3 years ago

Separation/Concentration-Signal-Amplification in-One Method Based on Electrochemical Conversion of Magnetic Nanoparticles for Electrochemical Biosensing

Separation/Concentration-Signal-Amplification in-One Method Based on Electrochemical Conversion of Magnetic Nanoparticles for Electrochemical Biosensing
Huang Dai, Yanbin Li, Yingchun Fu, Qi Zhang, Lulu Cao
We propose a separation/concentration-signal-amplification in-one method based on electrochemical conversion (ECC) of magnetic nanoparticles (MNPs) to develop a facile and sensitive electrochemical biosensor for chloramphenicol (CAP) detection. Briefly, aptamer-modified magnetic nanoparticles (MNPs-Apt) was designed to capture CAP in sample, then the MNPs-Apt composite was conjugated to Au electrode through the DNA hybridization between the unoccupied aptamer and a strand of complementary DNA. The ECC method was applied to transfer MNPs labels to electrochemically active Prussian blue (PB). The anodic and cathodic currents of PB were taken for signal readout.

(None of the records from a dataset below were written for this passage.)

(* Let $\mathbb{M}\in\{\mathbb{N},\mathbb{Z}\}$, let $F:A^{\mathbb{M}}\to A^{\mathbb{M}}$ be a cellular automaton that is not nilpotent, and let $s\in A$ be a spreading state of $F$. Then there exists $c\in A^{\mathbb{M}}$ such that $F^n(c)_j\neq s$ for all $n\in\mathbb{N}$ and all $j\in\mathbb{M}$.
   Context: A CA is a continuous shift-commuting map on the full shift $A^{\mathbb{M}}$ over a finite alphabet, given by a local rule. A state $s$ is spreading if the local rule maps every neighborhood pattern containing $s$ to $s$. $F$ is nilpotent if there is a state $q$ with $F({}^\omega q^\omega)={}^\omega q^\omega$ (constant configuration) such that for every $c$ there is $n$ with $F^n(c)={}^\omega q^\omega$. *)

From mathcomp Require Import all_boot all_order all_algebra.
Set Implicit Arguments. Unset Strict Implicit. Unset Printing Implicit Defensive.

Definition ca_global (M : Type) (add : M -> M -> M) (A : finType) (k : nat)
  (N : k.-tuple M) (f : k.-tuple A -> A) (c : M -> A) : M -> A :=
  fun j => f [tuple c (add j (tnth N i)) | i < k].

Definition spreading (A : finType) (k : nat) (f : k.-tuple A -> A) (s : A) : Prop :=
  forall p : k.-tuple A, s \in p -> f p = s.

Definition nilpotent (M A : Type) (F : (M -> A) -> (M -> A)) : Prop :=
  exists q : A, (forall j, F (fun _ => q) j = q) /\
    forall c : M -> A, exists n : nat, forall j, iter n F c j = q.

From mathcomp Require Import all_boot all_order all_algebra.
From mathcomp Require Import zify ring.
From Stdlib Require Import Classical ClassicalEpsilon.
Import GRing.Theory Num.Theory.

(* A cell that is not [s] at time T forces, s being spreading, non-[s] cells along its
   whole backward cone, and non-nilpotency provides such a cell for every T. Seen in
   the frame moving with one offset v0, the cone at time m contains a segment of the
   lattice gZ, g the gcd of the differences of offsets, and these segments grow with T;
   by compactness some configuration avoids [s] on -v0 m + gZ at every time m. As the
   dependence cone of a cell x at time n lies in the coset x + v0 n + gZ, copying this
   configuration onto every coset of gZ avoids [s] everywhere. The one-sided case
   embeds into the two-sided one. *)

Set Implicit Arguments.
Unset Strict Implicit.
Unset Printing Implicit Defensive.

Definition inf_often (P : nat -> Prop) : Prop :=
  forall T0, exists2 t, (T0 <= t)%N & P t.

Lemma inf_often_pigeonhole (B : finType) (h : nat -> B) (P : nat -> Prop) :
  inf_often P -> exists b, inf_often (fun t => P t /\ h t = b).
Proof.
move=> infP; apply: NNPP => none.
have /fin_all_exists [T HT] : forall b : B,
    exists T, forall t, (T <= t)%N -> P t -> h t <> b.
  move=> b; apply: NNPP => nT; apply: none; exists b => T0.
  apply: NNPP => nt; apply: nT; exists T0 => t le_t Pt htb; apply: nt.
  by exists t.
have [t le_t Pt] := infP (\max_b T b).
exact: (HT (h t) t (leq_trans (leq_bigmax (h t)) le_t) Pt).
Qed.

Definition agree (A : Type) (R : nat) (c c' : int -> A) : Prop :=
  forall x : int, (absz x < R)%N -> c x = c' x.

Lemma agree_trans (A : Type) (R : nat) (c1 c2 c3 : int -> A) :
  agree R c1 c2 -> agree R c2 c3 -> agree R c1 c3.
Proof. by move=> E1 E2 x Rx; rewrite E1 ?E2. Qed.

Lemma agree_le (A : Type) (R R' : nat) (c c' : int -> A) :
  (R <= R')%N -> agree R' c c' -> agree R c c'.
Proof. by move=> le_R E x Rx; apply: E; apply: leq_trans le_R. Qed.

Section ClusterPoint.
Variables (A : finType) (e : nat -> int -> A).

Definition cluster_window R (w : int -> A) := inf_often (fun t => agree R (e t) w).

Lemma cluster_window_extend R w : cluster_window R w ->
  exists2 w', cluster_window R.+1 w' & agree R w' w.
Proof.
move=> infw.
have [[a b] infab] := inf_often_pigeonhole
  (fun t => (e t (Posz R), e t (- Posz R)%R)) infw.
exists (fun x => if x == Posz R then a else if x == (- Posz R)%R then b else w x).
  move=> T0; have [t le_t [Ew [<- <-]]] := infab T0; exists t => // x Rx.
  by case: eqP => [->|xR] //; case: eqP => [->|xNR] //; apply: Ew; lia.
by move=> x Rx; case: eqP => [xR|_]; last case: eqP => [xNR|//]; lia.
Qed.

(* Nested windows, each chosen once and for all; their union is the cluster point. *)
Lemma cluster_point : exists c, forall R, cluster_window R c.
Proof.
have /choice [ext Hext] : forall Rw : nat * (int -> A), exists w',
    cluster_window Rw.1 Rw.2 -> cluster_window Rw.1.+1 w' /\ agree Rw.1 w' Rw.2.
  move=> [R w] /=; have [infw | ninfw] := classic (cluster_window R w).
    by have [w' ? ?] := cluster_window_extend infw; exists w'.
  by exists w => /ninfw.
pose W := fix W R := if R is R'.+1 then ext (R', W R') else e 0%N.
have W_cluster R : cluster_window R (W R).
  by elim: R => [|R IH] T0; [exists T0 | have [] := Hext (R, W R) IH].
have W_agree R n : agree R (W (R + n)%N) (W R).
  elim: n => [|n IH]; first by rewrite addn0.
  rewrite addnS; apply: agree_trans IH.
  by apply: agree_le (leq_addr n R) _; have [] := Hext (R + n, W (R + n))%N (W_cluster _).
exists (fun x => W (absz x).+1 x) => R T0.
have [t le_t Et] := W_cluster R T0; exists t => // x Rx.
rewrite Et //.
have [le_xR | lt_Rx] := leqP (absz x).+1 R.
  by rewrite -(subnKC le_xR) W_agree.
by rewrite -(subnKC (ltnW lt_Rx)); apply/esym/W_agree.
Qed.

End ClusterPoint.

Section SumDifferences.
Variables (I : eqType) (w : I -> int).

Definition wsum (l : seq I) : int := (\sum_(i <- l) w i)%R.

Definition sum_difference (z : int) : Prop :=
  exists lP lQ, z = (wsum lP - wsum lQ)%R.

Lemma wsum_cat l1 l2 : wsum (l1 ++ l2) = (wsum l1 + wsum l2)%R.
Proof. exact: big_cat. Qed.

Lemma wsum_repeat n l : wsum (flatten (nseq n l)) = (wsum l *+ n)%R.
Proof.
elim: n => [|n IH]; first by rewrite /wsum big_nil.
by rewrite [flatten _]/= wsum_cat IH mulrS.
Qed.

Lemma sum_difference_weight i : sum_difference (w i).
Proof. by exists [:: i], [::]; rewrite /wsum big_seq1 big_nil subr0. Qed.

Lemma sum_differenceD z1 z2 :
  sum_difference z1 -> sum_difference z2 -> sum_difference (z1 + z2)%R.
Proof.
move=> [P1 [Q1 ->]] [P2 [Q2 ->]]; exists (P1 ++ P2), (Q1 ++ Q2).
by rewrite !wsum_cat; ring.
Qed.

Lemma sum_differenceMl (u z : int) : sum_difference z -> sum_difference (u * z)%R.
Proof.
move=> [P [Q ->]]; case: u => n.
  by exists (flatten (nseq n P)), (flatten (nseq n Q)); rewrite !wsum_repeat; lia.
by exists (flatten (nseq n.+1 Q)), (flatten (nseq n.+1 P)); rewrite !wsum_repeat; lia.
Qed.

(* Bezout, one weight at a time: gcdz g (w j) = u * g + v * w j is again a sum difference. *)
Lemma sum_difference_dvd_all (r : seq I) :
  exists2 g, sum_difference g & {in r, forall i, (g %| w i)%Z}.
Proof.
elim: r => [|j r [g gP g_dvd]]; first by exists 0%R => //; exists [::], [::]; rewrite subrr.
have [u [v Euv]] := Bezoutz g (w j).
exists (gcdz g (w j)).
  rewrite -Euv; apply: sum_differenceD; apply: sum_differenceMl => //.
  exact: sum_difference_weight.
move=> i; rewrite inE => /orP[/eqP -> | ri]; first exact: dvdz_gcdr.
exact: dvdz_trans (dvdz_gcdl _ _) (g_dvd i ri).
Qed.

End SumDifferences.

Lemma wsum_shift (I : eqType) (w w' : I -> int) (a : int) (l : seq I) :
  (forall i, w i = w' i + a)%R -> wsum w l = (wsum w' l + a *+ size l)%R.
Proof.
move=> Ew; elim: l => [|i l IH]; first by rewrite /wsum !big_nil.
by rewrite /wsum !big_cons -!/(wsum _ _) IH Ew mulrS; ring.
Qed.

Section IntCA.
Variables (A : finType) (k : nat) (N : k.-tuple int) (f : k.-tuple A -> A).
Local Notation F := (ca_global (fun x y : int => (x + y)%R) N f).

Lemma iter_ca_eq_on (P : nat -> int -> Prop) : P 0%N 0%R ->
  (forall m y i, P m y -> P m.+1 (tnth N i + y)%R) ->
  forall m c c' x x', (forall y, P m y -> c (x + y)%R = c' (x' + y)%R) ->
  iter m F c x = iter m F c' x'.
Proof.
move=> P0 PS; elim=> [|m IH] c c' x x' Ecc'.
  by have := Ecc' 0%R P0; rewrite !addr0.
rewrite !iterS /ca_global; congr f; apply: eq_from_tnth => i.
rewrite !tnth_mktuple; apply: IH => y Py.
by rewrite -!addrA; apply: Ecc'; apply: PS.
Qed.

Lemma iter_ca_shift m c (x z : int) :
  iter m F c (x + z)%R = iter m F (fun y => c (y + z)%R) x.
Proof. by apply: (@iter_ca_eq_on (fun _ _ => True)) => // y _; rewrite addrAC. Qed.

Definition nbhd_radius : nat := \max_(i < k) absz (tnth N i).

Lemma iter_ca_local m c c' (x : int) :
  (forall y : int, (absz y <= m * nbhd_radius)%N -> c (x + y)%R = c' (x + y)%R) ->
  iter m F c x = iter m F c' x.
Proof.
apply: (@iter_ca_eq_on (fun m y => absz y <= m * nbhd_radius)%N) => // n y i le_y.
have := @leq_bigmax _ (fun i => absz (tnth N i)) i; rewrite -/nbhd_radius; lia.
Qed.

Variable s : A.
Hypothesis s_spreading : spreading f s.

Lemma spreading_cone (l : seq 'I_k) t c (x : int) :
  iter (size l + t) F c x != s -> iter t F c (x + wsum (tnth N) l)%R != s.
Proof.
elim: l x => [|i l IH] x /=; first by rewrite /wsum big_nil addr0.
rewrite /wsum big_cons addrA => Fx; apply: IH; apply: contra Fx => /eqP Fs.
apply/eqP/s_spreading; apply/tnthP; by exists i; rewrite tnth_mktuple -Fs.
Qed.

Variable i0 : 'I_k.
Local Notation v0 := (tnth N i0).
Local Notation d := (fun i => tnth N i - v0)%R.

Lemma spreading_cone_frame (l : seq 'I_k) T m c (a : int) :
  iter T F c a != s -> (size l + m <= T)%N ->
  iter m F c (a + v0 *+ (T - m) + wsum d l)%R != s.
Proof.
move=> FTa le_T; pose l' := l ++ nseq (T - m - size l) i0.
have size_l' : (size l' + m = T)%N by rewrite size_cat size_nseq; lia.
have d_l' : wsum d l' = wsum d l.
  rewrite wsum_cat addrC (_ : wsum d _ = 0%R) ?add0r //.
  by elim: (T - m - size l)%N => [|n IH]; rewrite /wsum ?big_nil // big_cons subrr add0r.
have -> : (a + v0 *+ (T - m) + wsum d l = a + wsum (tnth N) l')%R.
  rewrite [wsum (tnth N) l'](@wsum_shift _ _ d v0); last by move=> i; rewrite subrK.
  by rewrite d_l' (_ : size l' = T - m)%N; [ring | lia].
by apply: spreading_cone; rewrite size_l'.
Qed.

Lemma ca_const_spreading (j : int) : F (fun _ => s) j = s.
Proof.
by apply: s_spreading; apply/tnthP; exists i0; rewrite tnth_mktuple.
Qed.

Hypothesis F_not_nilpotent : ~ nilpotent F.

Lemma nonnilpotent_witness t (a : int) : exists c, iter t F c a != s.
Proof.
apply: NNPP => none; apply: F_not_nilpotent; exists s; split=> [|c].
  exact: ca_const_spreading.
exists t => j; apply: NNPP => Fj; apply: none.
exists (fun y => c (y + (j - a))%R); rewrite -iter_ca_shift subrKC.
by apply/eqP.
Qed.

Variables lP lQ : seq 'I_k.
Local Notation g := (wsum d lP - wsum d lQ)%R.

(* The backward cone of a non-[s] cell at time T = K + 2K(|lP| + |lQ|), read along
   the words lP^j ++ lQ^(2K - j), meets every lattice point below at every time m <= K. *)
Lemma lattice_window K : exists e, forall m (z : int), (m <= K)%N -> (absz z <= K)%N ->
  iter m F e (- (v0 *+ m) + z * g)%R != s.
Proof.
pose T := (K + 2 * K * (size lP + size lQ))%N.
have [e FTe] := nonnilpotent_witness T (- (v0 *+ T) - (wsum d lP + wsum d lQ) *+ K)%R.
exists e => m z le_mK le_zK.
pose j := absz (z + Posz K)%R.
pose l := flatten (nseq j lP) ++ flatten (nseq (2 * K - j) lQ).
have size_rep n (l0 : seq 'I_k) : size (flatten (nseq n l0)) = (size l0 * n)%N.
  by rewrite size_flatten /shape map_nseq sumn_nseq.
have le_l : (size l + m <= T)%N by rewrite size_cat !size_rep; nia.
have := spreading_cone_frame FTe le_l.
rewrite wsum_cat !wsum_repeat.
have Ej : (Posz j = z + Posz K)%R by lia.
have E2Kj : (Posz (2 * K - j) = Posz K - z)%R by lia.
have ETm : (Posz (T - m) = Posz T - Posz m)%R by lia.
rewrite !pmulrn !mulrzz Ej E2Kj ETm; set p := (X in iter m F e X != s -> _).
by rewrite (_ : p = - (v0 * m) + z * g)%R // /p; ring.
Qed.

Lemma lattice_config : exists c, forall m (z : int),
  iter m F c (- (v0 *+ m) + z * g)%R != s.
Proof.
have /choice [E E_window] := lattice_window.
have [c c_cluster] := cluster_point E.
exists c => m z; set x := (- (v0 *+ m) + z * g)%R.
have [t le_t Et] := c_cluster (absz x + m * nbhd_radius).+1 (m + absz z)%N.
rewrite (@iter_ca_local m c (E t) x) => [|y le_y]; first by apply: E_window; lia.
by rewrite Et //; lia.
Qed.

Hypothesis g_dvd_offsets : forall i, (g %| (tnth N i - v0)%R)%Z.

Lemma avoiding_config_of_dvd_offsets : exists c, forall n (x : int), iter n F c x != s.
Proof.
have [cs cs_avoids] := lattice_config.
exists (fun x => cs (x - (x %% g)%Z)%R) => n x.
set r := ((x + v0 *+ n) %% g)%Z.
rewrite (@iter_ca_eq_on (fun m y => exists z, y = v0 *+ m + z * g)%R _ _ n _ cs x (x - r)%R).
- have -> : (x - r = - (v0 *+ n) + ((x + v0 *+ n) %/ g)%Z * g)%R.
    have := divz_eq (x + v0 *+ n)%R g; rewrite -/r.
    by set D := ((_ %/ g)%Z * g)%R; lia.
  exact: cs_avoids.
- by exists 0%R; rewrite mulr0n mul0r addr0.
- move=> m y i [z ->]; have /dvdzP [q Eq] := g_dvd_offsets i.
  by exists (z + q)%R; rewrite (_ : tnth N i = q * g + v0)%R ?mulrS; [ring | rewrite -Eq; ring].
- move=> y [z ->]; congr cs.
  by rewrite (_ : x + (v0 *+ n + z * g) = z * g + (x + v0 *+ n))%R ?modzMDl; ring.
Qed.

End IntCA.

Lemma ca_arity0_nilpotent (M : Type) (A : finType) (add : M -> M -> M) (N : 0.-tuple M)
  (f : 0.-tuple A -> A) : nilpotent (ca_global add N f).
Proof.
exists (f [tuple]); split=> [j | c]; first by rewrite /ca_global; congr f; apply: tuple0.
by exists 1%N => j; rewrite /= /ca_global; congr f; apply: tuple0.
Qed.

Theorem ca_int_avoids_spreading (A : finType) (k : nat) (N : k.-tuple int)
  (f : k.-tuple A -> A) (s : A) :
  ~ nilpotent (ca_global (fun x y : int => (x + y)%R) N f) -> spreading f s ->
  exists c : int -> A, forall n (j : int),
    iter n (ca_global (fun x y : int => (x + y)%R) N f) c j != s.
Proof.
case: k N f => [|k] N f F_not_nilpotent s_spreading.
  by case: F_not_nilpotent; apply: ca_arity0_nilpotent.
have [_ [lP [lQ ->]] g_dvd] :=
  sum_difference_dvd_all (fun i => tnth N i - tnth N ord0)%R (enum 'I_k.+1).
apply: (avoiding_config_of_dvd_offsets s_spreading F_not_nilpotent (lP := lP) (lQ := lQ)).
by move=> i; apply: g_dvd; rewrite mem_enum.
Qed.

Lemma iter_ca_nat_int (A : finType) (k : nat) (N : k.-tuple nat) (f : k.-tuple A -> A)
  (c : nat -> A) (cZ : int -> A) : (forall j : nat, cZ (Posz j) = c j) ->
  forall n (j : nat), iter n (ca_global addn N f) c j =
    iter n (ca_global (fun x y : int => (x + y)%R) (map_tuple Posz N) f) cZ (Posz j).
Proof.
move=> EcZ; elim=> [|n IH] j /=; first by rewrite EcZ.
rewrite /ca_global; congr f; apply: eq_from_tnth => i.
by rewrite !tnth_mktuple tnth_map IH PoszD.
Qed.

Lemma nilpotent_ca_nat_int (A : finType) (k : nat) (N : k.-tuple nat)
  (f : k.-tuple A -> A) :
  nilpotent (ca_global (fun x y : int => (x + y)%R) (map_tuple Posz N) f) ->
  nilpotent (ca_global addn N f).
Proof.
move=> [q [Fq nilp]]; exists q; split=> [j | c].
  by have := @iter_ca_nat_int _ _ N f (fun _ => q) (fun _ => q) (fun _ => erefl) 1 j => /= ->.
have [n Fn] := nilp (fun x => c (absz x)); exists n => j.
by rewrite (@iter_ca_nat_int _ _ N f c (fun x => c (absz x))).
Qed.

Theorem proposition2p4 :
  (forall (A : finType) (k : nat) (N : k.-tuple nat) (f : k.-tuple A -> A) (s : A),
     ~ nilpotent (ca_global addn N f) -> spreading f s ->
     exists c : nat -> A, forall (n : nat) (j : nat),
       iter n (ca_global addn N f) c j != s)
  /\
  (forall (A : finType) (k : nat) (N : k.-tuple int) (f : k.-tuple A -> A) (s : A),
     ~ nilpotent (ca_global (fun x y : int => (x + y)%R) N f) -> spreading f s ->
     exists c : int -> A, forall (n : nat) (j : int),
       iter n (ca_global (fun x y : int => (x + y)%R) N f) c j != s).
Proof.
split; last exact: ca_int_avoids_spreading.
move=> A k N f s F_not_nilpotent s_spreading.
have [cZ cZ_avoids] := ca_int_avoids_spreading
  (contra_not (@nilpotent_ca_nat_int _ _ N f) F_not_nilpotent) s_spreading.
by exists (fun j => cZ (Posz j)) => n j; rewrite (@iter_ca_nat_int _ _ N f _ cZ).
Qed.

Comparing with conventional methods that require electrochemically active labels and related sophisticated labelling procedures, this method explored and integrated the magnetic and electrochemical properties of MNPs into one system, in turn realized magnetic capturing of CAP and signal generation without any additional conventional labels. Taking advantages of the high abundance of iron content in MNPs and the refreshing effect deriving from ECC process, the method significantly promoted the signal amplification. Therefore, the proposed biosensors exhibited linear detection range from 1 to 1000 ng mL−1 and a limit of detection down to 1 ng mL−1, which was better than or comparable with those of most analogues, as well as satisfactory specificity, storage stability and feasibility for real samples. The developed method may lead to new concept for rapid and facile biosensing in food safety, clinic diagnose/therapy and environmental monitoring fields.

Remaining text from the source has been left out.